Gaby’s grandmother, Doris, is raped by one psychotic American charmer in a scene that has its verso in Albert Tucker’s savage Victory Girls paintings of 1943 – grotesques of Australian women who “consorted” with America servicemen during the war. (The works are showing at Heide in Melbourne.) Carey’s characters recall the Australian-American rivalry that erupted into the destructive riots of the Battle of Brisbane. The extent of death and injury was suppressed.

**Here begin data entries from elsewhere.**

(* On the classical Robba ring $\mathcal R(\mathbb Z_p,K)$ the nice topology coincides with the inductive limit topology.
   Context: $p$ is an odd prime, $K$ a complete discretely valued field with $\mathbb Q_p\subseteq K\subseteq\mathbb C_p$, $o_K$ its ring of integers. The classical Robba ring $\mathcal R(\mathbb Z_p,K)$ is the ring of Laurent series $\sum_{n\in\mathbb Z}a_nT^n$ ($a_n\in K$) converging on some annulus $r\le|T|<1$, i.e. with $|a_n|\rho^n\to0$ as $|n|\to\infty$ for all $\rho\in[r,1)$; here $T=\gamma-1$ for the generator $\gamma$ of $\mathbb Z_p$ (it is the case $G=\mathbb Z_p$, $d=1$, $b_1=T$ of the generalized Robba ring). For $r\le\rho<\rho'<1$ put $\|x\|_{\rho,\rho'}=\max(\sup_n|a_n|\rho^n,\sup_n|a_n|\rho'^n)$; $D_{[r,1)}(\mathbb Z_p,K)$ denotes the Fréchet space of series converging on $r\le|T|<1$ with the topology given by these norms, and the inductive limit topology on $\mathcal R(\mathbb Z_p,K)=\varinjlim_{r\to1}D_{[r,1)}(\mathbb Z_p,K)$ is the locally convex inductive limit topology. Nice topology: for $x_0=\sum_nc_{0,n}T^n$ let $L_{x_0}=\{\sum_nd_nT^n\in\mathcal R(\mathbb Z_p,K):|c_{0,-n}||d_n|\le1\ \forall n\}$; the nice topology is the locally convex topology in which an $o_K$-lattice is open iff it contains some $L_{x_0}$. *)

From HB Require Import structures.
From mathcomp Require Import all_boot all_algebra.
From Stdlib Require Import Reals ZArith List.
Set Implicit Arguments. Unset Strict Implicit. Unset Printing Implicit Defensive.
Local Open Scope R_scope.

Definition nonarch_abs (K : fieldType) (abs : K -> R) : Prop :=
  (forall x, 0 <= abs x) /\
  (forall x, abs x = 0 <-> x = GRing.zero) /\
  (forall x y, abs (GRing.mul x y) = abs x * abs y) /\
  (forall x y, abs (GRing.add x y) <= Rmax (abs x) (abs y)).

What else has Australia forgotten, or refused to see, or condoned by inaction? Corruption. Abuse of power. Environmental degradation. The incarceration and vilification of asylum seekers. Corporate cover-ups of water contamination. The Whitlam Dismissal. (Felix reads the Angel Worm cyber attack as an inevitable retaliation, concluding a chapter of American interference that reaches back to 1975, and a CIA conspiracy to overthrow Australia’s legitimate government.)
 
Carey, through his culturally omnivorous narrator, also remembers much: Sydney, Melbourne and Brisbane in the 1960s, and during the long, fraying aftermath of Left politics, moratoriums, Nimbin hippiedom, and the disaffection of children from their careless Baby Boomer parents.
 
Gaby’s mother, Celine (daughter of the raped Doris), and her sometime-husband and politician, Sando Quinn, love their daughter but leave her to make her own confused way while they pursue pre-selection, expedient housing, or lovers who appreciate the imperatives of self expression – and will bankroll them. Felix remembers being happy, sometimes, with his stalwart wife.
 
There is a romantic in Carey, and he peeks out, sometimes ruefully, in Felix’s feckless, redemptive longings and loyalties, and in Gaby’s adolescent passion – Juliet fierce – for her young hacker-mentor-boyfriend, Frederic Matovic. Think the young Chopin, but master of a different kind of keyboard, and with kohl ringing his eyes. What clever, insecure girl wouldn’t fall for the allure of his wit and his aura of danger?
 
The novel is a wild ride, told through an exhilarating, sometimes bewildering array of voices. Carey is Australia’s lyrebird master of dialogue, perfectly tuned to every nuance, or upward intonation, of successive generations of Australian speech. The writer who could sustain Ned Kelly’s high Irish rhetoric for the length of True History of the Kelly Gang revels in Amnesia’s dialects – from Labor matespeak, through outer-urban ethnic criminal to the impenetrable cyber-tongue of the novel’s youthful protagonists.
 
So there is much to delight, and not just for the readers who will recognise every name, and every drop of a name, (a Clifton Pugh portrait of Jim Cairns, painted at Cottles Bridge), every lexical flourish (“port” means suitcase in Brisbane, cheap fortified wine in Melbourne) and every twist of the satirical scalpel.
 
Carey shares Paul Keating’s genius for pointed vernacular reference. He is also effortlessly lyrical, whether noticing when “Flinders Street station turned to gold”, or in his evocation of a young girl’s defensiveness when dressing not to impress but to fit in. Delicate, Sympathetic.
 
The novel moves like a wildfire, constantly changing direction. Perhaps too constantly. There are moments of revelation – Felix’s hapless love for his wife – that evaporate in the heat of the narrative. Moments of promise that sharpen into satire and then are lost. Gaby is an elusive heroine, present at a remove, in taped words, reported actions – a character on the brink. And then the novel ends. Woody Townes moves in and out of focus. He could sustain a novel on his own. But not this one. “Fast forward,” writes Carey, often. An inevitable condition of our lives, or a cautionary incantation by a remarkable novelist? I wonder.